-- TASK MATERIAL follows --

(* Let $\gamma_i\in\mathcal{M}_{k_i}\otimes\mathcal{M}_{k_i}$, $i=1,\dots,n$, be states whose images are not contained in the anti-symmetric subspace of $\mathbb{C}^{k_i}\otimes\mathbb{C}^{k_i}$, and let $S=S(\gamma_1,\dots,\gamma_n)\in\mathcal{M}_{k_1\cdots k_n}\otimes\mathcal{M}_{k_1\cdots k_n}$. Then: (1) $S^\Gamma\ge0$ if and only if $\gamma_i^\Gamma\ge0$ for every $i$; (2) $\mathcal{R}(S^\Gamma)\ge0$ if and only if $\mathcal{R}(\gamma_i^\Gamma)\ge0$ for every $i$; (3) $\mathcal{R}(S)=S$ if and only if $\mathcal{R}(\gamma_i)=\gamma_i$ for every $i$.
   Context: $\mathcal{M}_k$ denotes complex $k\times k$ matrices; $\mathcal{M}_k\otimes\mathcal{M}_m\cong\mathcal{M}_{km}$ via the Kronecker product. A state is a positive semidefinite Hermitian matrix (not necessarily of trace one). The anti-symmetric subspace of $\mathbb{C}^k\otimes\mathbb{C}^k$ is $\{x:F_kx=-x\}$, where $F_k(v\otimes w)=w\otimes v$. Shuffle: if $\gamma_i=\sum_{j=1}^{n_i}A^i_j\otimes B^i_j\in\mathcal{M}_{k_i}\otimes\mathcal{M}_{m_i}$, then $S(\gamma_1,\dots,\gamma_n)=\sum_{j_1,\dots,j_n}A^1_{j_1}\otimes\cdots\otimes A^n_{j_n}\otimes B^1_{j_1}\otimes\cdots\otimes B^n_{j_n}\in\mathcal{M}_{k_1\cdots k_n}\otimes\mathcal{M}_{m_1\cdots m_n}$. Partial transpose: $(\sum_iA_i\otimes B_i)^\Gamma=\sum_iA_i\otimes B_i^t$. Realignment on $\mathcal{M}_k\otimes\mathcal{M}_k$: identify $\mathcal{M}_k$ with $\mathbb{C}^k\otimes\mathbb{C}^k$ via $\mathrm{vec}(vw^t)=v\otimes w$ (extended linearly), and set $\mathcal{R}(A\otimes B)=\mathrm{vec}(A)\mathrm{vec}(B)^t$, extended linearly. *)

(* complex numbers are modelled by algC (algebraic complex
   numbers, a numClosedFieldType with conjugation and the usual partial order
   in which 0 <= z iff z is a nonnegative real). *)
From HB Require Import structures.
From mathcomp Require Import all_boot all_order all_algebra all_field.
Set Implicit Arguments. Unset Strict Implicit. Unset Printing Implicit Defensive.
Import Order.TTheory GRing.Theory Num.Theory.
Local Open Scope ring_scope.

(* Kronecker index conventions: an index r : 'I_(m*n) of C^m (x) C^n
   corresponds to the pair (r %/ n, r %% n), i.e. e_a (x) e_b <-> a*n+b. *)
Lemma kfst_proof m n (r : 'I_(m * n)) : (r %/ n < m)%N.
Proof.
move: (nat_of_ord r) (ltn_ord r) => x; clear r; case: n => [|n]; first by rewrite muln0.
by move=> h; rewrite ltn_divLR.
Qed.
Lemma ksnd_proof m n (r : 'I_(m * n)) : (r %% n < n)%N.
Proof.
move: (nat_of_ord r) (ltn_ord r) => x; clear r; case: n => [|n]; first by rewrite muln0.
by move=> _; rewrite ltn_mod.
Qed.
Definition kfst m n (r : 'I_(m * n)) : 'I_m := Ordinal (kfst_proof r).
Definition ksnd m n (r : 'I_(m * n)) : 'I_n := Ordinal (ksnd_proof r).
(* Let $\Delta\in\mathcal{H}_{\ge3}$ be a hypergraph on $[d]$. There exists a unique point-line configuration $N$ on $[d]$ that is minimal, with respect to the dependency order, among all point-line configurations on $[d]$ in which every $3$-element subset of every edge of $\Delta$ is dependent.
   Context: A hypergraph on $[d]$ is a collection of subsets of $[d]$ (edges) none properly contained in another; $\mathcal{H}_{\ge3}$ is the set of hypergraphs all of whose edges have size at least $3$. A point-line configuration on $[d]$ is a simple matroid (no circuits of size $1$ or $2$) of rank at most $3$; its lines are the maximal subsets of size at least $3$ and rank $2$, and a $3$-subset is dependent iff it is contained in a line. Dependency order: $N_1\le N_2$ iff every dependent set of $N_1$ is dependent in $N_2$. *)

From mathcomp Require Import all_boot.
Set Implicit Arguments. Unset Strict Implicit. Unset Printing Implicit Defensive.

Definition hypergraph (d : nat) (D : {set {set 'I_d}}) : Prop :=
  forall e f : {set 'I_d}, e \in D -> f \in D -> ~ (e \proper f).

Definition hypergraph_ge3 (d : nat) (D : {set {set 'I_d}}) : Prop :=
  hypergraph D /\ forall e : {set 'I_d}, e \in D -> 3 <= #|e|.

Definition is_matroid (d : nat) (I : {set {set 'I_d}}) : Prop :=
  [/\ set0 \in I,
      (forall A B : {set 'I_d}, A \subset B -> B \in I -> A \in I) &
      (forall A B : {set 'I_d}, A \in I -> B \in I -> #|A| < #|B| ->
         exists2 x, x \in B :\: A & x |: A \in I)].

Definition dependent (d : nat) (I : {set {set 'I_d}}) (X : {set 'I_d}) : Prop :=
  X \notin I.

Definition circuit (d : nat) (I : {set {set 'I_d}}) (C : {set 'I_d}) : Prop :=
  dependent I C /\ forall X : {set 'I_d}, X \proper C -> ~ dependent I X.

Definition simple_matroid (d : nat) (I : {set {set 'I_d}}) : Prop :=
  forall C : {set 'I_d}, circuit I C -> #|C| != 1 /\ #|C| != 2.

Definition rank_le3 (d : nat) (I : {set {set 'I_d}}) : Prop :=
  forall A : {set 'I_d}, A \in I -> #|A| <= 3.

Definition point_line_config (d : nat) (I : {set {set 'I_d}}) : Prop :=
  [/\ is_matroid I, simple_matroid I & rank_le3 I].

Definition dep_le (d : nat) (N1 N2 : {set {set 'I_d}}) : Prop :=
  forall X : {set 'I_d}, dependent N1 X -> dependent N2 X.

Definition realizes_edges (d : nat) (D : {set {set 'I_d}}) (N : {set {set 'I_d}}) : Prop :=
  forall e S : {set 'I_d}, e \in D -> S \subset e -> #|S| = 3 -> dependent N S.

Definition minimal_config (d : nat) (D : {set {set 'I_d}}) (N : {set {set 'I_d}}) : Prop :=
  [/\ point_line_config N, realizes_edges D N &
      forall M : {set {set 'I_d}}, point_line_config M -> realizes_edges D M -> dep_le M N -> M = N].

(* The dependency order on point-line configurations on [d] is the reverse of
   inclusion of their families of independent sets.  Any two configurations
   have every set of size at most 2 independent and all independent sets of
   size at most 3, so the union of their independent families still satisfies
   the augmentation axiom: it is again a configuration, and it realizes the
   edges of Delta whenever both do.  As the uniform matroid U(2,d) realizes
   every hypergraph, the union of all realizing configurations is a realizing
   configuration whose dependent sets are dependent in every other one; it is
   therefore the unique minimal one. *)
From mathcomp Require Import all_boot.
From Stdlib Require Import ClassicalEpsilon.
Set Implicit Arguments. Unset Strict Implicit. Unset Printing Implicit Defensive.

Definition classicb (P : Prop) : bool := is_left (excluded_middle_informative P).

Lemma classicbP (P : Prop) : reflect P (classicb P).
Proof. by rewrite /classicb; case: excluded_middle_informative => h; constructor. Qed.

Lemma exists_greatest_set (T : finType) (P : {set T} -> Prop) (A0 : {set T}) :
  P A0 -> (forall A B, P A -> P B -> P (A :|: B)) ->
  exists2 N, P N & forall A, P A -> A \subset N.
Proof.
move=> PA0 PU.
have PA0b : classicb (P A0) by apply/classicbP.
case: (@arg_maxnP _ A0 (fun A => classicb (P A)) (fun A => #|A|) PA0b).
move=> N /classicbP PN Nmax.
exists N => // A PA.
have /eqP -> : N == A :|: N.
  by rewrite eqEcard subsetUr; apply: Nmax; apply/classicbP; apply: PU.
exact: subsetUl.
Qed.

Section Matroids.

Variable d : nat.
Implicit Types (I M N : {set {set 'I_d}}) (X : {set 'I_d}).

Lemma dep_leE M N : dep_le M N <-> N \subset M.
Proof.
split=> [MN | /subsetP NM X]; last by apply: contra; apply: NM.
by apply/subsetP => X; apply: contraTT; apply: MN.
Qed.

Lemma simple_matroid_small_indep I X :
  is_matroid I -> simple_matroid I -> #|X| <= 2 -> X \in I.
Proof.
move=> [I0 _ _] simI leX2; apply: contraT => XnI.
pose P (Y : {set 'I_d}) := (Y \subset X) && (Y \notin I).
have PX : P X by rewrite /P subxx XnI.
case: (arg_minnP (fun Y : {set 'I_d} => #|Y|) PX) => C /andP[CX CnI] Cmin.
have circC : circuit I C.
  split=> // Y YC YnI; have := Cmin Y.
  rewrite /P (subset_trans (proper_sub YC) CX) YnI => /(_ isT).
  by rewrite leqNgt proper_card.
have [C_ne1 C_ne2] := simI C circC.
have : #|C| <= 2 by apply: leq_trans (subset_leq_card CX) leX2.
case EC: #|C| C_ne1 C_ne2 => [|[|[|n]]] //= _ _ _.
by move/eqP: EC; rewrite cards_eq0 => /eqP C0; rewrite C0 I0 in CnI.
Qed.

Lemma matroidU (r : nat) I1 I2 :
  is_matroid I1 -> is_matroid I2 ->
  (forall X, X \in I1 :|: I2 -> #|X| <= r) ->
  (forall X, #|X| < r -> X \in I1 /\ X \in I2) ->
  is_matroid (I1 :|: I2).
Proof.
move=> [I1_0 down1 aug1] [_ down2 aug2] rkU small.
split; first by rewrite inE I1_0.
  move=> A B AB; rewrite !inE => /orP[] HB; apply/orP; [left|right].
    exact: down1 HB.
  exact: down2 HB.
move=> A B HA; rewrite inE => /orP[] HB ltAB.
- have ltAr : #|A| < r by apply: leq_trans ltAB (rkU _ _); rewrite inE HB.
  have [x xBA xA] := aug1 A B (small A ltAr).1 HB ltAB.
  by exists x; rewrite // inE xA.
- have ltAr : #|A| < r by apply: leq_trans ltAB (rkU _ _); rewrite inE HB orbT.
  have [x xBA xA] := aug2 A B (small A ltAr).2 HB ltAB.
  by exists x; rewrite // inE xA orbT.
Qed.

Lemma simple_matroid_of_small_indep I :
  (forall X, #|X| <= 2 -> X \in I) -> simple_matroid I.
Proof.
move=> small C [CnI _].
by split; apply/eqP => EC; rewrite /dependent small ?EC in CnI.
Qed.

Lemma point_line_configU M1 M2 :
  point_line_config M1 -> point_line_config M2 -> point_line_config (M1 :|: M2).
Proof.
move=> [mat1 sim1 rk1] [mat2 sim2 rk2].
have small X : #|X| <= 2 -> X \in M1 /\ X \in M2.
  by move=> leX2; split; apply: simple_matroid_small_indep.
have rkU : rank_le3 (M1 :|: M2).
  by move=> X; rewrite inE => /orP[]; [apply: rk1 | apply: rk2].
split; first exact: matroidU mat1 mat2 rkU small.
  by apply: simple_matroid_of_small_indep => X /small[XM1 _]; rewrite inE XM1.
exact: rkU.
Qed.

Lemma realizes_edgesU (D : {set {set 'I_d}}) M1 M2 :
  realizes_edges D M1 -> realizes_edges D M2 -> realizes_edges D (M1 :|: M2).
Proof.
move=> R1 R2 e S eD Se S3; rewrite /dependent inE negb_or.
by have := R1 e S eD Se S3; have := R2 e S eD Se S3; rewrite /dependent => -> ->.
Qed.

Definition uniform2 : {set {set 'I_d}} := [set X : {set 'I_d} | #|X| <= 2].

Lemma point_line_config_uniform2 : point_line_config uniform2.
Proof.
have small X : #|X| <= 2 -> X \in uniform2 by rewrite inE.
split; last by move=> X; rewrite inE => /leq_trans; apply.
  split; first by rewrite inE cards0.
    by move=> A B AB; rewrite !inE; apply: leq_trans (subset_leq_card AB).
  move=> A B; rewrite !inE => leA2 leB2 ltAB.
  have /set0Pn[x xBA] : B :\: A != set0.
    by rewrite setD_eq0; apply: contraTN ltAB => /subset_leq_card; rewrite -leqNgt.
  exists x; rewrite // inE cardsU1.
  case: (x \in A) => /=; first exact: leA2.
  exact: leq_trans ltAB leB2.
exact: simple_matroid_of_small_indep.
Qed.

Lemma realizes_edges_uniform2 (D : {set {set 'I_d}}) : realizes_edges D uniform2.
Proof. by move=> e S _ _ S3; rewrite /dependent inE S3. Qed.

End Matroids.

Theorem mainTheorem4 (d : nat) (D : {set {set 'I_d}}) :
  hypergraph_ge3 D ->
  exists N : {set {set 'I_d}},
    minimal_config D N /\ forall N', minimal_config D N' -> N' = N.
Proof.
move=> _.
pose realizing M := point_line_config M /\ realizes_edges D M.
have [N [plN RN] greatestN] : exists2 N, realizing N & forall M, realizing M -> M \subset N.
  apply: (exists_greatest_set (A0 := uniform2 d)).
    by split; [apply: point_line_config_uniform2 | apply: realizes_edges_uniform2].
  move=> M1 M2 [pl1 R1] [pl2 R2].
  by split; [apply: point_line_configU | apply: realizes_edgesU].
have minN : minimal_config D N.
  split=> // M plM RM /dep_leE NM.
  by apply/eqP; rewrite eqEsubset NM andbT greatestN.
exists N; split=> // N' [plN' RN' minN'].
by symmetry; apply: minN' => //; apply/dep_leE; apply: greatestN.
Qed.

-- TASK MATERIAL concluded --

• _EXERCISE DIRECTIONS_
Find the string "subsetP" in the records, then copy each line where it occurs.

• _RESPONSE_
split=> [MN | /subsetP NM X]; last by apply: contra; apply: NM.
by apply/subsetP => X; apply: contraTT; apply: MN.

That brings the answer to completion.